"Thursday is real, real big," Tilson said.
It's a weekday afternoon game, too, against a last-place team. But, ah, the forecast is for a high of 85 degrees, no rain and plenty of Greinke shine.
His most recent outing was a sellout, although there were certainly other factors -- it was the always-popular Fireworks Friday and hot dogs were only a buck. Thunderstorms rolled through in the late afternoon and delayed the start of the game 2 1/2 hours. Yet the majority of the 38,353 ticket buyers stuck it out, and Greinke did not disappoint them in an 8-1 win over the Baltimore Orioles.
"I couldn't believe there were that many people here," manager Trey Hillman said. "Not only waiting out the rain for the start of the game, I was amazed there were that many people here to finish the game."
Even more telling about Greinke's drawing power, for Tilson, was the May 4 game against the Chicago White Sox. It was nice weather and upper-level tickets were just $5, but it was a Monday night and the Royals sold about 6,000 tickets that day and 6,500 more tickets after the gates opened that night.
"He was the core reason," Tilson said. "That's what people were talking about all over town."
Greinke that night pitched a shutout and ran his record to 6-0 to the delight of 21,843 fans.
By winning seven of the second-place Royals' 20 victories, Greinke has set a pace that puts him in a historical context almost every outing. For example, the latest nugget unearthed by the Elias Sports Bureau is that Greinke and Fernando Valenzuela are the only pitchers in the past 90 years to post at least seven wins with an ERA of 0.60 or less. Valenzuela was 8-0 and 0.50 to begin the 1981 season for the Los Angeles Dodgers.
That kind of magic certainly has sprinkled some can-do dust over the rest of the Royals.
"It creates such a positive environment, and everybody thrives," general manager Dayton Moore said. "There's no doubt it permeates throughout the organization."
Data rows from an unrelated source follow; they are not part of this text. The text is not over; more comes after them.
Lemma neg_half x : Neg (half x) == oplus (half Top) (half (Neg x)).
Proof.
  unfold oplus. rewrite neg_half_Top, half_imp_half, (imp_from_filter Top) by apply filter_Top.
  rewrite (dneg x). reflexivity.
Qed.

Lemma half_le_half_Top x : half x <= half Top. Proof. apply half_mono, le_Top. Qed.

Lemma half_le_neg_half x y : half x <= Neg (half y).
Proof. rewrite half_le_half_Top, <- neg_half_Top. apply neg_anti, half_le_half_Top. Qed.

Lemma half_neg x : half (Neg x) == Neg (oplus (half Top) (half x)).
Proof. rewrite <- (dneg (half (Neg x))), (neg_half (Neg x)), (dneg x). reflexivity. Qed.

Lemma half_oplus a b : a <= Neg b -> oplus (half a) (half b) == half (oplus a b).
Proof.
  intros Hab.
  assert (E : oplus (half Top) (half (oplus a b)) ==
              oplus (half Top) (oplus (half a) (half b))).
  { assert (K : oplus (half Top) (half (Imp (Neg a) b)) == Imp (half (Neg a)) (half b))
      by (rewrite half_imp_half, neg_half, dneg; reflexivity).
    unfold oplus at 2. rewrite K, <- oplus_assoc, <- (dneg (half (Neg a))), neg_half, dneg.
    reflexivity. }
  symmetry. apply (oplus_cancel _ _ _ E); [apply half_le_neg_half|].
  rewrite neg_half_Top. transitivity (oplus (half (Neg b)) (half b)).
  - apply oplus_le; [apply half_mono; auto|reflexivity].
  - rewrite half_neg. unfold oplus at 1. rewrite dneg, oplus_imp_cancel, neg_half_Top.
    reflexivity. apply half_le_neg_half.
Qed.

Lemma half_of_double x : x <= half Top -> half (oplus x x) == x.
Proof.
  intros H. rewrite <- half_oplus; [apply half_double|].
  rewrite H at 1. rewrite <- neg_half_Top. apply neg_anti; auto.
Qed.
End HalfArith.

(** Dyadic constants: [half_pow n] is 2^-n and [dyadic k n] is k/2^n, the
    [k]-fold MV-sum of [half_pow n]. *)
Definition half_pow (n : nat) : Form := Nat.iter n half Top.
Definition mult (k : nat) (x : Form) : Form := Nat.iter k (oplus x) Bot.
Definition dyadic (k n : nat) : Form := mult k (half_pow n).

Section Dyadic.
Context {F : Form -> Prop} {HF : IsFilter F}.
Local Notation "x <= y" := (le F x y).
Local Notation "x == y" := (eqv F x y) (at level 70).

Lemma mult_S k x : mult (S k) x = oplus x (mult k x). Proof. reflexivity. Qed.
Lemma mult_mono k x y : x <= y -> mult k x <= mult k y.
Proof.
  intros H; induction k; [reflexivity|].
  rewrite !mult_S. apply oplus_le; auto.
Qed.
Lemma mult_cong k x y : x == y -> mult k x == mult k y.
Proof. intros []; split; apply mult_mono; auto. Qed.
Lemma mult_add j k x : mult (j + k) x == oplus (mult j x) (mult k x).
Proof.
  induction j; simpl Nat.add.
  - symmetry; apply oplus_Bot.
  - rewrite mult_S, IHj, mult_S. symmetry; apply oplus_assoc.
Qed.
Lemma mult_le j k x : (j <= k)%nat -> mult j x <= mult k x.
Proof. intros H. replace k with (j + (k - j)) by lia. rewrite mult_add. apply le_oplus_l. Qed.
Lemma mult_oplus k x y : mult k (oplus x y) == oplus (mult k x) (mult k y).
Proof.
  induction k; [symmetry; apply oplus_Bot|].
  rewrite !mult_S, IHk, !oplus_assoc, <- (oplus_assoc y (mult k x)).
  rewrite (oplus_comm y (mult k x)), !oplus_assoc. reflexivity.
Qed.
Lemma mult_Bot k : mult k Bot == Bot.
Proof. induction k; [reflexivity|]. rewrite mult_S, IHk. apply oplus_Bot. Qed.
Lemma mult_one x : mult 1 x == x. Proof. apply oplus_Bot_r. Qed.

Lemma half_pow_double n : oplus (half_pow (S n)) (half_pow (S n)) == half_pow n.
Proof. apply half_double. Qed.

Lemma dyadic_double k n : dyadic (2 * k) (S n) == dyadic k n.
Proof.
  unfold dyadic. replace (2 * k) with (k + k) by lia.
  rewrite mult_add, <- mult_oplus. apply mult_cong, half_pow_double.
Qed.
Lemma dyadic_lift k n m : dyadic (2 ^ m * k) (m + n) == dyadic k n.
Proof.
  induction m; [simpl; rewrite Nat.add_0_r; reflexivity|].
  replace (2 ^ S m * k) with (2 * (2 ^ m * k)) by (simpl; lia).
  change (S m + n) with (S (m + n)). rewrite dyadic_double. auto.
Qed.
Lemma dyadic_to_level k n N : (n <= N)%nat -> dyadic (2 ^ (N - n) * k) N == dyadic k n.
Proof. intros H. pose proof (dyadic_lift k n (N - n)) as A. rewrite Nat.sub_add in A; auto. Qed.
Lemma dyadic_full n : dyadic (2 ^ n) n == Top.
Proof.
  induction n; [apply oplus_Top_l|].
  replace (2 ^ S n) with (2 * 2 ^ n) by (simpl; lia). rewrite dyadic_double. auto.
Qed.
Lemma dyadic_le k j n : (k <= j)%nat -> dyadic k n <= dyadic j n. Proof. apply mult_le. Qed.
Lemma dyadic_add j k n : dyadic (j + k) n == oplus (dyadic j n) (dyadic k n).
Proof. apply mult_add. Qed.
Lemma dyadic_one n : dyadic 1 n == half_pow n. Proof. apply mult_one. Qed.

Lemma dyadic_S_half n :
  (forall k, (k <= 2 ^ n)%nat -> Neg (dyadic k n) == dyadic (2 ^ n - k) n) ->
  (forall k, (k <= 2 ^ n)%nat -> dyadic k (S n) == half (dyadic k n)).
Proof.
  intros N. induction k; intros Hk.
  - symmetry; apply half_Bot.
  - unfold dyadic. rewrite mult_S. fold (dyadic k (S n)). rewrite IHk by lia.
    change (half_pow (S n)) with (half (half_pow n)).
    rewrite half_oplus; [reflexivity|].
    rewrite N by lia. rewrite <- (mult_one (half_pow n)) at 1.
    apply (dyadic_le 1). lia.
Qed.

Lemma neg_dyadic n : forall k, (k <= 2 ^ n)%nat -> Neg (dyadic k n) == dyadic (2 ^ n - k) n.
Proof.
  induction n; intros k Hk.
  - simpl in Hk. destruct k as [|[|k]]; try lia.
    + change (Neg Bot == mult 1 Top). rewrite mult_one. apply dneg.
    + change (Neg (mult 1 Top) == Bot). rewrite mult_one. reflexivity.
  - pose proof (dyadic_S_half n IHn) as En.
    assert (Hhalf : dyadic (2 ^ n) (S n) == half Top)
      by (rewrite En, dyadic_full by lia; reflexivity).
    assert (Low : forall j, (j <= 2 ^ n)%nat ->
                  Neg (dyadic j (S n)) == dyadic (2 ^ S n - j) (S n)).
    { intros j Hj. rewrite En, neg_half, IHn by auto.
      rewrite <- En, <- Hhalf, <- dyadic_add by lia.
      replace (2 ^ n + (2 ^ n - j)) with (2 ^ S n - j) by (simpl; lia). reflexivity. }
    destruct (Nat.le_gt_cases k (2 ^ n)) as [H1|H1]; auto.
    assert (H2 : (2 ^ S n - k <= 2 ^ n)%nat) by (simpl in *; lia).
    pose proof (Low _ H2) as C. replace (2 ^ S n - (2 ^ S n - k)) with k in C by lia.
    rewrite <- C. apply dneg.
Qed.

Lemma dyadic_imp A B N : (A <= 2 ^ N)%nat ->
  Imp (dyadic A N) (dyadic B N) == dyadic (2 ^ N - A + B) N.
Proof.
  intros HA. rewrite dyadic_add, <- neg_dyadic by auto. unfold oplus. rewrite dneg. reflexivity.
Qed.

Lemma dyadic_consistent k n : k < 2 ^ n -> F (dyadic k n) -> F Bot.
Proof.
  intros Hk H.
  assert (H1 : F (dyadic (2 ^ n - 1) n)).
  { refine (le_filter _ _ (dyadic_le k _ n _) H). lia. }
  assert (H2 : Neg (dyadic (2 ^ n - 1) n) == half_pow n).
  { rewrite neg_dyadic by lia.
    replace (2 ^ n - (2 ^ n - 1)) with 1 by (pose proof (Nat.pow_nonzero 2 n); lia).
    apply dyadic_one. }
  assert (H3 : half_pow n <= Bot) by (rewrite <- H2, (filter_eqv_Top _ H1); reflexivity).
  assert (H4 : Top <= Bot)
    by (rewrite <- (dyadic_full n); unfold dyadic; rewrite (mult_mono _ _ _ H3), mult_Bot; reflexivity).
  exact (le_filter _ _ H4 filter_Top).
Qed.
End Dyadic.

(** Doubling; [Nat.iter n dbl x] is the truncated multiple [2^n * x]. *)
Definition dbl (x : Form) : Form := oplus x x.

Section Archimedean.
Context {T : Form -> Prop} {HT : IsDeltaFilter T}.
Local Notation "x <= y" := (le T x y).
Local Notation "x == y" := (eqv T x y) (at level 70).

Lemma iter_dbl_mono n x y : x <= y -> Nat.iter n dbl x <= Nat.iter n dbl y.
Proof. intros H; induction n; simpl; [exact H|]. apply oplus_le; auto. Qed.

Lemma iter_dbl_half_pow n m : Nat.iter n dbl (half_pow (m + n)) == half_pow m.
Proof.
  revert m; induction n; intros m; [simpl; rewrite Nat.add_0_r; reflexivity|].
  change (dbl (Nat.iter n dbl (half_pow (m + S n))) == half_pow m).
  replace (m + S n) with (S m + n) by lia. unfold dbl at 1. rewrite IHn.
  apply half_pow_double.
Qed.

(** With [e n = 2^n * ~a],
    the formula [X = Delta e] satisfies [X = half ~a (+) X] with no overflow,
    which forces [half ~a = 0]. *)
Lemma archimedean a : (forall n, Neg a <= half_pow n) -> T a.
Proof.
  intros H. set (d := Neg a). set (e := fun n => Nat.iter n dbl d).
  assert (e_small : forall n, e n <= half Top).
  { intros n. transitivity (Nat.iter n dbl (half_pow (S n))); [apply iter_dbl_mono, H|].
    exact (proj1 (iter_dbl_half_pow n 1)). }
  assert (e_half : forall n, half (e (S n)) == e n) by (intros n; apply half_of_double; auto).
  set (X := Delta e).
  assert (X_fix : X == oplus (half d) X).
  { unfold X at 1. rewrite delta_decomp. change (e O) with d.
    assert (D2 : half (Delta (stail e)) == Delta (fun n => half (stail e n)))
      by (apply ax_eqv; constructor).
    rewrite D2. unfold stail. rewrite (delta_cong _ e e_half). reflexivity. }
  assert (X_small : X <= half Top).
  { transitivity (Delta (sconst (half Top))); [apply delta_mono; auto|].
    exact (proj1 (delta_const _)). }
  assert (half_d : half d == Bot).
  { apply (oplus_absorb_Bot (half d) X); [symmetry; auto|].
    rewrite X_small, neg_half_Top. apply half_le_half_Top. }
  assert (d_Bot : d == Bot) by (rewrite <- (half_double d), half_d; apply oplus_Bot).
  apply eqv_Top_filter. rewrite <- (dneg a). fold d. rewrite d_Bot. apply dneg.
Qed.
End Archimedean.
Lemma la_inv_rcons (p U V V' : seq T) e : e \notin U -> f (sset V) <= f (sset V') ->
  (e \in A -> f (e |: sset U) - f (sset U) - f (sset U) / B * c e <=
              f (sset V') - f (sset V)) ->
  la_inv p U V -> la_inv (rcons p e) U V'.
Proof.
move=> eU mV he inv; rewrite /la_inv -cats1 big_cat big_cons big_nil /= eU andbT.
by case: ifP => [/he|_]; rewrite /la_inv in inv; lra.
Qed.

Lemma la_inv_rcons_self (p U V : seq T) e : e \notin p -> {subset U <= p} ->
  f (sset U) / B * c e <= f (e |: sset U) - f (sset U) ->
  la_inv p U V -> la_inv (rcons p e) (rcons U e) V.
Proof.
move=> ep sU gain_e inv.
rewrite /la_inv -cats1 big_cat big_cons big_nil /= mem_rcons in_cons eqxx andbF addr0.
apply: le_trans inv; rewrite big_seq_cond [X in _ <= X]big_seq_cond.
rewrite (eq_bigl (fun o => (o \in p) && ((o \in A) && (o \notin U)))) => [|o].
  apply: ler_sum => o /andP[op /andP[oA oU]]; rewrite sset_rcons.
  have oe : o != e by apply/eqP => oe; move: ep; rewrite -oe op.
  have oeU : o \notin e |: sset U by rewrite !inE negb_or oe.
  have := submod_gain_le f_submod (subsetUr [set e] (sset U)) oeU.
  have : f (sset U) / B * c o <= f (e |: sset U) / B * c o.
    apply: ler_wpM2r; first exact: ltW.
    apply: ler_wpM2r; first by rewrite invr_ge0 ltW.
    by have := mulr_ge0 (fB_ge0 U) (ltW (c_gt0 e)); lra.
  lra.
rewrite mem_rcons in_cons negb_or.
by case op: (o \in p); rewrite //= andbCA; case: (o =P e) => // oe; move: ep; rewrite -oe op.
Qed.

Lemma la_step_inv (p U V U' V' : seq T) e :
  la_step_spec f c B U V U' V' e -> e \notin p -> {subset U <= p} -> {subset V <= p} ->
  la_chain U -> la_inv p U V ->
  [/\ {subset U' <= rcons p e}, la_chain U' & la_inv (rcons p e) U' V'].
Proof.
move=> hstep ep sU sV chU inv.
have sU_rcons : {subset U <= rcons p e}.
  by move=> x /sU xp; rewrite mem_rcons in_cons xp orbT.
have eU : e \notin U by apply: contra ep; apply: sU.
have dens_ge0 (W : seq T) : 0 <= f (sset W) / B * c e.
  by rewrite mulr_ge0 ?fB_ge0 ?ltW.
case: hstep => [[ce [-> ->]]|[ce [[-> -> okU _]|[-> -> okV okU]|[-> -> nU _]]]].
- split=> //; apply: la_inv_rcons => // eA.
  by have := A_cheap eA; lra.
- split; last exact: la_inv_rcons_self (gain_ge c_gt0 okU) inv.
    by move=> x; rewrite !mem_rcons !in_cons => /orP[->|/sU ->]; rewrite ?orbT.
  by apply: la_chain_rcons => //; apply: gain_ge.
- have gV := gain_ge c_gt0 okV.
  split=> //; apply: la_inv_rcons inv; rewrite ?sset_rcons //.
    by have := dens_ge0 V; lra.
  move=> _; case okU' : (f (sset U) / B <= dens f c U e).
    by have := gain_le c_gt0 (okU okU'); have := dens_ge0 U; lra.
  by have := gain_lt c_gt0 (negbT okU'); have := dens_ge0 V; lra.
- split=> //; apply: la_inv_rcons => // _.
  by have := gain_lt c_gt0 nU; lra.
Qed.

Lemma la_step_disjoint (p U V U' V' : seq T) e :
  la_step_spec f c B U V U' V' e -> e \notin p -> {subset U <= p} -> {subset V <= p} ->
  {in U, forall x, x \notin V} -> {in U', forall x, x \notin V'}.
Proof.
move=> hstep ep sU sV dUV.
have eU : e \notin U by apply: contra ep; apply: sU.
have eV : e \notin V by apply: contra ep; apply: sV.
case: hstep => [[_ [-> ->]]//|[_ [[-> -> _ _]|[-> -> _ _]|[-> -> _ _]]]] // x.
  by rewrite mem_rcons in_cons => /orP[/eqP->|/dUV].
move=> xU; rewrite mem_rcons in_cons negb_or dUV // andbT.
by apply: contraNneq eU => <-.
Qed.

Definition la_loop_inv (p : seq T) (st : seq T * seq T) :=
  [/\ {subset st.1 <= p}, {subset st.2 <= p}, {in st.1, forall x, x \notin st.2} &
      [/\ la_chain st.1, la_chain st.2, la_inv p st.1 st.2 & la_inv p st.2 st.1]].

Lemma la_loopP (tie : seq T -> seq T -> T -> bool) ord :
  uniq ord -> la_loop_inv ord (la_loop f c B ord tie).
Proof.
move=> ord_uniq; rewrite /la_loop -[ord]cat0s; apply: foldl_rcons_ind_uniq => //.
  by split=> //; split; try exact: la_chain_nil; rewrite /la_inv big_nil sset_nil f0.
move=> p st e ep [s1 s2 d [c1 c2 i1 i2]].
have hX := la_stepP f c B tie true st e.
have hY := la_stepP f c B tie false st e.
have [t1 t2 t3] := la_step_inv hX ep s1 s2 c1 i1.
have [u1 u2 u3] := la_step_inv hY ep s2 s1 c2 i2.
by split=> //; apply: (la_step_disjoint hX ep s1 s2 d).
Qed.

End LAGreedy.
Miguel Olivo has caught all of Greinke's games this season.
"When he goes out there and gives 100 percent, it gives the team extra energy to win games, score some runs for him and and play better," Olivo said. "He brings a lot of energy and a lot of attitude for the pitchers and the whole team."
Fellow starter Brian Bannister has felt the Greinke effect.
"It's been fun to watch, because he's pitching how we all strive to pitch right now," Bannister said. "It's exciting every time he's out there, and it's going to trickle down to the rest of the guys."
First baseman Billy Butler senses an upbeat feeling throughout the clubhouse every day.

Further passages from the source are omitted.